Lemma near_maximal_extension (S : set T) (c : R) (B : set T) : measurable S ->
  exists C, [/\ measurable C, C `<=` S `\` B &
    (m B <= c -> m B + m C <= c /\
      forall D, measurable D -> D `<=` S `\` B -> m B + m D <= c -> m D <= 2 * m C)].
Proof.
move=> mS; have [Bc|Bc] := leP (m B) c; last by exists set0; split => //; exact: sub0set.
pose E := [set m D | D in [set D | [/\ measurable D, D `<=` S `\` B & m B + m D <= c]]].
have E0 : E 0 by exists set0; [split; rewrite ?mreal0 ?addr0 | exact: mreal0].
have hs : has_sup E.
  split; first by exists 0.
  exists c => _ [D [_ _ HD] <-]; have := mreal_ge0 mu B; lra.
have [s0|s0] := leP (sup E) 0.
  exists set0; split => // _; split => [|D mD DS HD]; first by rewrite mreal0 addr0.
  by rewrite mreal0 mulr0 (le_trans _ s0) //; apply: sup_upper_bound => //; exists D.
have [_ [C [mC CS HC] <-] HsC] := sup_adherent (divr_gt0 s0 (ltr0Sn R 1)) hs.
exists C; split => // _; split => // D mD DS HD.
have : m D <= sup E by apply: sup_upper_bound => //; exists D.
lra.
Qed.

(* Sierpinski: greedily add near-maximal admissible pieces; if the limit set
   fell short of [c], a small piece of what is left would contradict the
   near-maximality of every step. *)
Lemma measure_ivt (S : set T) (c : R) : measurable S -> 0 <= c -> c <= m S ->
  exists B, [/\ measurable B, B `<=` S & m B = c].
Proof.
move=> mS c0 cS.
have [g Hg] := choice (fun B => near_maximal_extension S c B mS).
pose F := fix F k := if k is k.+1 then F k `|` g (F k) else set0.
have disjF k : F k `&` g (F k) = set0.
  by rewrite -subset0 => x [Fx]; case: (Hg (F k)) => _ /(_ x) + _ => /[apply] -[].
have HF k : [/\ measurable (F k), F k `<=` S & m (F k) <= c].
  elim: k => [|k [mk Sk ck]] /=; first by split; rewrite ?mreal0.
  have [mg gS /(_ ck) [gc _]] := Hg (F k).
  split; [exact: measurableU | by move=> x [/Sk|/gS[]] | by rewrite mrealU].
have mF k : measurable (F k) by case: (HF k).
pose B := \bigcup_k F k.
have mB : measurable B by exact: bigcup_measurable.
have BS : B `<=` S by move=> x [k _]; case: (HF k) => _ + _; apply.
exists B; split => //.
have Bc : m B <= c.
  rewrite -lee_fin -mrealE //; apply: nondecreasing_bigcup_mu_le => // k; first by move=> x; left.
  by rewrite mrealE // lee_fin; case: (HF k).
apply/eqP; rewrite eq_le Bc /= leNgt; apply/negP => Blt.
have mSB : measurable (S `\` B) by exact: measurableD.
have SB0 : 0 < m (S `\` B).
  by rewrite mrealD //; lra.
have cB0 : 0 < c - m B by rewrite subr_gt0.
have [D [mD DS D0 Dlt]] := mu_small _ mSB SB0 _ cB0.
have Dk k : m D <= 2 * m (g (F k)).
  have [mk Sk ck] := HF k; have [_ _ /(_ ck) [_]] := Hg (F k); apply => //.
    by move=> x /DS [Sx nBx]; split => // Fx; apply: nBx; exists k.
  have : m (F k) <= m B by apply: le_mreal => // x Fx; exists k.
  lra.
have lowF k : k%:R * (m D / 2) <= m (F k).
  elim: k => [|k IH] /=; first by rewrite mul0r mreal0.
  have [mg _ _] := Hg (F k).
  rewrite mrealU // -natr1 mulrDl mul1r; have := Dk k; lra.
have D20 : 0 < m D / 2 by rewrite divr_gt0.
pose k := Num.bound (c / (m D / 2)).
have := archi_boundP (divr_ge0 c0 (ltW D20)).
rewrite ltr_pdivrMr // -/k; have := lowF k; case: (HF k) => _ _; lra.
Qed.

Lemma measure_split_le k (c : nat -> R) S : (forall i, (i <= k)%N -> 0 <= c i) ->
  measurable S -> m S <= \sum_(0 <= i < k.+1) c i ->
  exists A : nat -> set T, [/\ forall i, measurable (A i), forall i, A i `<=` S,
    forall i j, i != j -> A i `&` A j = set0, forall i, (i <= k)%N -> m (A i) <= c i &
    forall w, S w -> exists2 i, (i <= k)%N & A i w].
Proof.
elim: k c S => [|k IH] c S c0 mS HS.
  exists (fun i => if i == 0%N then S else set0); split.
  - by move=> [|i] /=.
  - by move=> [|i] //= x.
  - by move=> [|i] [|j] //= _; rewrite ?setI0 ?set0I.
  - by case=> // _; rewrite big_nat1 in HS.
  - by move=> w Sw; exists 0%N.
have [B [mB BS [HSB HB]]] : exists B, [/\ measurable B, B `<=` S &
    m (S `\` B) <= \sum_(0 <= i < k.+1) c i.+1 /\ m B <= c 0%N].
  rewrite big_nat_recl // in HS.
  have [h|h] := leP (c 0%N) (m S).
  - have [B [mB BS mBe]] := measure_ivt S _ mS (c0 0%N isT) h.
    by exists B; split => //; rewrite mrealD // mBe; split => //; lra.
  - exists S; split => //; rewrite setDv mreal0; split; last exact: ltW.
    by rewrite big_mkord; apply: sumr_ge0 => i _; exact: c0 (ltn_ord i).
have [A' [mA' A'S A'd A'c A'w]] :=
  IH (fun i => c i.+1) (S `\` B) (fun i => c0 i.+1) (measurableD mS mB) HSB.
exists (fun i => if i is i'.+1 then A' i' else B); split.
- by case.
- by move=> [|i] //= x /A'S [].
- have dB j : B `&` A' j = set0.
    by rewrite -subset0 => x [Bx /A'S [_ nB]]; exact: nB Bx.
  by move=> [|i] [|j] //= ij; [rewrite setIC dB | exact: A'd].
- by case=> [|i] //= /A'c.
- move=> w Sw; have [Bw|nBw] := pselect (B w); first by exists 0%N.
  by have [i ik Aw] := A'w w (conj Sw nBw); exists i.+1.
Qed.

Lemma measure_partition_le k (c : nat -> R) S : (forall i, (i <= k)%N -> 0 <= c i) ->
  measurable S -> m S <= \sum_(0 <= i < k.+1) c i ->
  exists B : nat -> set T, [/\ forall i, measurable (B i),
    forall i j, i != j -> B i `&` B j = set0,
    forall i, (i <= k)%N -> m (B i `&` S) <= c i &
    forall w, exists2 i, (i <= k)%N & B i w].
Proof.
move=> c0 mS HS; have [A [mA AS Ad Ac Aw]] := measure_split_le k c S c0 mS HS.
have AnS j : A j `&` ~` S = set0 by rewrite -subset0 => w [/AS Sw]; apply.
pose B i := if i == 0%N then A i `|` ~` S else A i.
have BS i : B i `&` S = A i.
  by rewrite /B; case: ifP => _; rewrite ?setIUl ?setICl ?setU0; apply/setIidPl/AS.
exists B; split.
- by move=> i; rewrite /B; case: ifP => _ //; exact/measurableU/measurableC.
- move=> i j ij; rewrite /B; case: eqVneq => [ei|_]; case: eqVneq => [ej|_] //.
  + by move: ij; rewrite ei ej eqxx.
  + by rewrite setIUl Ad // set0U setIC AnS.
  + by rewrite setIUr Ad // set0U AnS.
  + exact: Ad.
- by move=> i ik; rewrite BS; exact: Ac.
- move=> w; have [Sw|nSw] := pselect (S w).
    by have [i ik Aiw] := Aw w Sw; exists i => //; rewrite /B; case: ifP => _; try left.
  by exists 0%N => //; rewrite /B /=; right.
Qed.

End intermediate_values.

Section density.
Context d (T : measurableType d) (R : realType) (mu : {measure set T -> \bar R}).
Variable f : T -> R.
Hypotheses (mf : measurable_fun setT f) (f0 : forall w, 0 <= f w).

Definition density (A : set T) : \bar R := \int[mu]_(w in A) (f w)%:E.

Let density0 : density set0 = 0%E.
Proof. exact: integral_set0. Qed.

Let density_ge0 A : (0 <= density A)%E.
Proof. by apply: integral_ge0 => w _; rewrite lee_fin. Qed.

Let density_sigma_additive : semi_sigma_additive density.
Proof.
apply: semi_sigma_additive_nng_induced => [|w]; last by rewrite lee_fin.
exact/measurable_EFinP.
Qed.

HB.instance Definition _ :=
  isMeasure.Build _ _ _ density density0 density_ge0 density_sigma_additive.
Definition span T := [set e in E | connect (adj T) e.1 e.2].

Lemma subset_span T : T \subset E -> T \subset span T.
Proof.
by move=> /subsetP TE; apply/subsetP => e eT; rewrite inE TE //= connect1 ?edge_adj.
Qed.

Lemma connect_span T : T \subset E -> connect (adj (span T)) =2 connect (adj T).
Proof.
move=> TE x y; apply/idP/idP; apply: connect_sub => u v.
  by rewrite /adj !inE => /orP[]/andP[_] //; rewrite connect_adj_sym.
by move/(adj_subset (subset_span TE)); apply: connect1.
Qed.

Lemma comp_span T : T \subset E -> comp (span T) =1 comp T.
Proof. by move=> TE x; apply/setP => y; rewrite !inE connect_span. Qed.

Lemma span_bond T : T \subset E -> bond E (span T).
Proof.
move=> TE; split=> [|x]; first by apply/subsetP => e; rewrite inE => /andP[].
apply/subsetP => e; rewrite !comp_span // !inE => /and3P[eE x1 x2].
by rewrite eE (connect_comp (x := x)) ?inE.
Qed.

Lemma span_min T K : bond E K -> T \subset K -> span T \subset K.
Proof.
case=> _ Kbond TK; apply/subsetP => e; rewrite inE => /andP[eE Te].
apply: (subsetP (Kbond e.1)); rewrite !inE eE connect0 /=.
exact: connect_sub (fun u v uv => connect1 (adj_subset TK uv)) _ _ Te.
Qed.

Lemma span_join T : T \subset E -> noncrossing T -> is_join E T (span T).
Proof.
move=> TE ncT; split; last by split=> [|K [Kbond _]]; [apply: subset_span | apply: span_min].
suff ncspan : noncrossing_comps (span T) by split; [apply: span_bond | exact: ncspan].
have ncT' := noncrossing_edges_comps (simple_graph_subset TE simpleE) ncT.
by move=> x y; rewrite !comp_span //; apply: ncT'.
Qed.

* * *

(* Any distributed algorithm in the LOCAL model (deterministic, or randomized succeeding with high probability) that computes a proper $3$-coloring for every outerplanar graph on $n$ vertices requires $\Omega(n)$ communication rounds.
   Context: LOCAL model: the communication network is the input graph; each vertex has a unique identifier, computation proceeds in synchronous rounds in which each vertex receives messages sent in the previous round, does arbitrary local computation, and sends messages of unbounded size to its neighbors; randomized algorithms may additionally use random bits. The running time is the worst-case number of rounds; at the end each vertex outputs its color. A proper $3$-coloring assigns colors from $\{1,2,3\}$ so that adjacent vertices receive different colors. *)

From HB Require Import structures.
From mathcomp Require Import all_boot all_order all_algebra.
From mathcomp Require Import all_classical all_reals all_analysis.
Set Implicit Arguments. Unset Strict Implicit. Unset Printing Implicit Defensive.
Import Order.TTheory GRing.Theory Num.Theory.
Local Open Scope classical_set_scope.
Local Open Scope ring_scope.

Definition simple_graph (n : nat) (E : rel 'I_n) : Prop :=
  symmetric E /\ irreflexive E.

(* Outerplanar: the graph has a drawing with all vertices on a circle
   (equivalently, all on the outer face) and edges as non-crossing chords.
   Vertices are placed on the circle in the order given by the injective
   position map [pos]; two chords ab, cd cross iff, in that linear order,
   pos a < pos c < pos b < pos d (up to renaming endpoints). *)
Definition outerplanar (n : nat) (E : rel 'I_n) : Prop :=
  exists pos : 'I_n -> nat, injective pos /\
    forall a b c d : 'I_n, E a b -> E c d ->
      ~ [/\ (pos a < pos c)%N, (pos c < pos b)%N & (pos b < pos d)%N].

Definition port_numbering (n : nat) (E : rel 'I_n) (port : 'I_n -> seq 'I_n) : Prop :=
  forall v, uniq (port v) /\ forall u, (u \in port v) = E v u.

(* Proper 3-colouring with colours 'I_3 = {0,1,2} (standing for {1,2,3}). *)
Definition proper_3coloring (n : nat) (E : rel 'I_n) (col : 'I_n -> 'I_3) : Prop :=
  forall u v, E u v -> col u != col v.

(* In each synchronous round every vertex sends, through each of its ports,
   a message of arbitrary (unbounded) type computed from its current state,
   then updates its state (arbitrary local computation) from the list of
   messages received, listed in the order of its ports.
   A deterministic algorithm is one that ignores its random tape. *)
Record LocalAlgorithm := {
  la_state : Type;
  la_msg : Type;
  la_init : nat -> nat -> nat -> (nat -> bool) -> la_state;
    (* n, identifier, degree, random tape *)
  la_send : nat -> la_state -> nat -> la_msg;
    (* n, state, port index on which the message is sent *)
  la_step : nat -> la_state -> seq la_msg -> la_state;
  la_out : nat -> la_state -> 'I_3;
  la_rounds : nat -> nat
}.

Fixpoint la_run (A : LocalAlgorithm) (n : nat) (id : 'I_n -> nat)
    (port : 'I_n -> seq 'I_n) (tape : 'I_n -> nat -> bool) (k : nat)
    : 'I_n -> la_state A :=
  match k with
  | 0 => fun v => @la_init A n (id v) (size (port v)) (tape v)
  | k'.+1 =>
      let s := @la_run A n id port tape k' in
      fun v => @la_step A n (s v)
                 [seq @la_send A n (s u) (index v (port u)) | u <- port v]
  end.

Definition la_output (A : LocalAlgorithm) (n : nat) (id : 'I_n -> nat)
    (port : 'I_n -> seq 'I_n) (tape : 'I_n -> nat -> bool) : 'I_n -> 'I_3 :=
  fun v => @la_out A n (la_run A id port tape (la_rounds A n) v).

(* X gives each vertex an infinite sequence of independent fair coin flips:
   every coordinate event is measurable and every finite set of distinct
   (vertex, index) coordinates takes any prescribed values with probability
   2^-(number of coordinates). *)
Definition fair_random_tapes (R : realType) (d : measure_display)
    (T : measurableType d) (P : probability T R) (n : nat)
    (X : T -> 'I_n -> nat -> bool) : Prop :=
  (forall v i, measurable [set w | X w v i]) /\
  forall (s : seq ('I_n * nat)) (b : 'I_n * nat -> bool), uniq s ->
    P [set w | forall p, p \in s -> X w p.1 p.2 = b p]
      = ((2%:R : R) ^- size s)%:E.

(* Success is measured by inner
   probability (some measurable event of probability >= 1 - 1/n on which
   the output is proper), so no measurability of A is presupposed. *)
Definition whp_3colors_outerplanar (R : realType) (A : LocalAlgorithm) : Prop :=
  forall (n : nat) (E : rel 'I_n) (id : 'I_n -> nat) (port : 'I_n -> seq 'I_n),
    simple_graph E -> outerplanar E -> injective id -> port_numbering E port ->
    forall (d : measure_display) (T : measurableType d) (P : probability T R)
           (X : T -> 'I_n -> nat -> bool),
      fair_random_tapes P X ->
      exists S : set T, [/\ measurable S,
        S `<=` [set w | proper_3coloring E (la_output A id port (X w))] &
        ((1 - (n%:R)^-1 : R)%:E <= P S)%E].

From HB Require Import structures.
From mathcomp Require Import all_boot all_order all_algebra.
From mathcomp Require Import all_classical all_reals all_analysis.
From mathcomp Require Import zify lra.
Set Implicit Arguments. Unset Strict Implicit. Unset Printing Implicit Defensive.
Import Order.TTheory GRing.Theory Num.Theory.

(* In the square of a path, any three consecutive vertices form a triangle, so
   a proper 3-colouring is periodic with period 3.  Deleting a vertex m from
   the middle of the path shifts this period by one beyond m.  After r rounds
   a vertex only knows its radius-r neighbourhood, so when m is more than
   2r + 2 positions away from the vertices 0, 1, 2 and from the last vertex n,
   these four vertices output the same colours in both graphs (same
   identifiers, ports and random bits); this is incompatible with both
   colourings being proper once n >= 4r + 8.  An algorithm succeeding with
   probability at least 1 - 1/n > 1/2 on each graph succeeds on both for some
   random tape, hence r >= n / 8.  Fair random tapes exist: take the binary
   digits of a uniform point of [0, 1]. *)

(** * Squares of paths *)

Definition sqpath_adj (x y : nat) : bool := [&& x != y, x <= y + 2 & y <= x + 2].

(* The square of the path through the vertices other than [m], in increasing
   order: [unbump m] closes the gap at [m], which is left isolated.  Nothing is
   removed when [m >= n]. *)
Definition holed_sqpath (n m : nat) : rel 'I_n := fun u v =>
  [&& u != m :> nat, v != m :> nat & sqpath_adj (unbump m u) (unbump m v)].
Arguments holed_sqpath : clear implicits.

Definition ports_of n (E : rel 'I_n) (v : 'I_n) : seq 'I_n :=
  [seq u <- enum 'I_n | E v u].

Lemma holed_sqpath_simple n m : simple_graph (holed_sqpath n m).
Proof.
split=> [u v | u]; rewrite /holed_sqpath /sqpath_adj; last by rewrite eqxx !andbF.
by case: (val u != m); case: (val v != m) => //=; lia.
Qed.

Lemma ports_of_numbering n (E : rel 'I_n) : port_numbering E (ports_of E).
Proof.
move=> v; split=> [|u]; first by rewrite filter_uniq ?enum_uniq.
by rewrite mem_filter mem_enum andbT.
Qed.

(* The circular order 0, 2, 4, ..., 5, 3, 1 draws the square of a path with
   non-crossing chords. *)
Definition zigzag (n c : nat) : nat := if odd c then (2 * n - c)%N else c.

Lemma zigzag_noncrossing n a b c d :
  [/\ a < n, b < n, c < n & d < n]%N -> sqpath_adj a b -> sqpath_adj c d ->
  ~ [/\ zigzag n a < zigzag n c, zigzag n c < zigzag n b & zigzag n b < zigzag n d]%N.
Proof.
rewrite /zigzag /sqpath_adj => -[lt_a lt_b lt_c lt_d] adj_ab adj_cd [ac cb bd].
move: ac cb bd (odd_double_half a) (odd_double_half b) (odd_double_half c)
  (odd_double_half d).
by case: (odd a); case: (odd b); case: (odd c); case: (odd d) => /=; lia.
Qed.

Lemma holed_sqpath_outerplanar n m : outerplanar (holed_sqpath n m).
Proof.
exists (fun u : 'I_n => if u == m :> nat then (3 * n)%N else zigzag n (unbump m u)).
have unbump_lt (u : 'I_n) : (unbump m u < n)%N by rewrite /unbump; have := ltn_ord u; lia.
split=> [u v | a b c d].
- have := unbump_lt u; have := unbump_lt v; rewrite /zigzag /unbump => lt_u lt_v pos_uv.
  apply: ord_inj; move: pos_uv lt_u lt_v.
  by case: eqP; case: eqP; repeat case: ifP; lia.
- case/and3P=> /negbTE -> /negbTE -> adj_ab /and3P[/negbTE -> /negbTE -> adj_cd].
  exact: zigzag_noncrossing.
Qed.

▸ The problem
Proceeding from the line containing "by rewrite mem_filter mem_enum andbT." through the line containing "Lemma zigzag_noncrossing n", transcribe the lines above exactly, both end lines included.

▸ Response for this exercise
by rewrite mem_filter mem_enum andbT.
Qed.

(* The circular order 0, 2, 4, ..., 5, 3, 1 draws the square of a path with
   non-crossing chords. *)
Definition zigzag (n c : nat) : nat := if odd c then (2 * n - c)%N else c.

Lemma zigzag_noncrossing n a b c d :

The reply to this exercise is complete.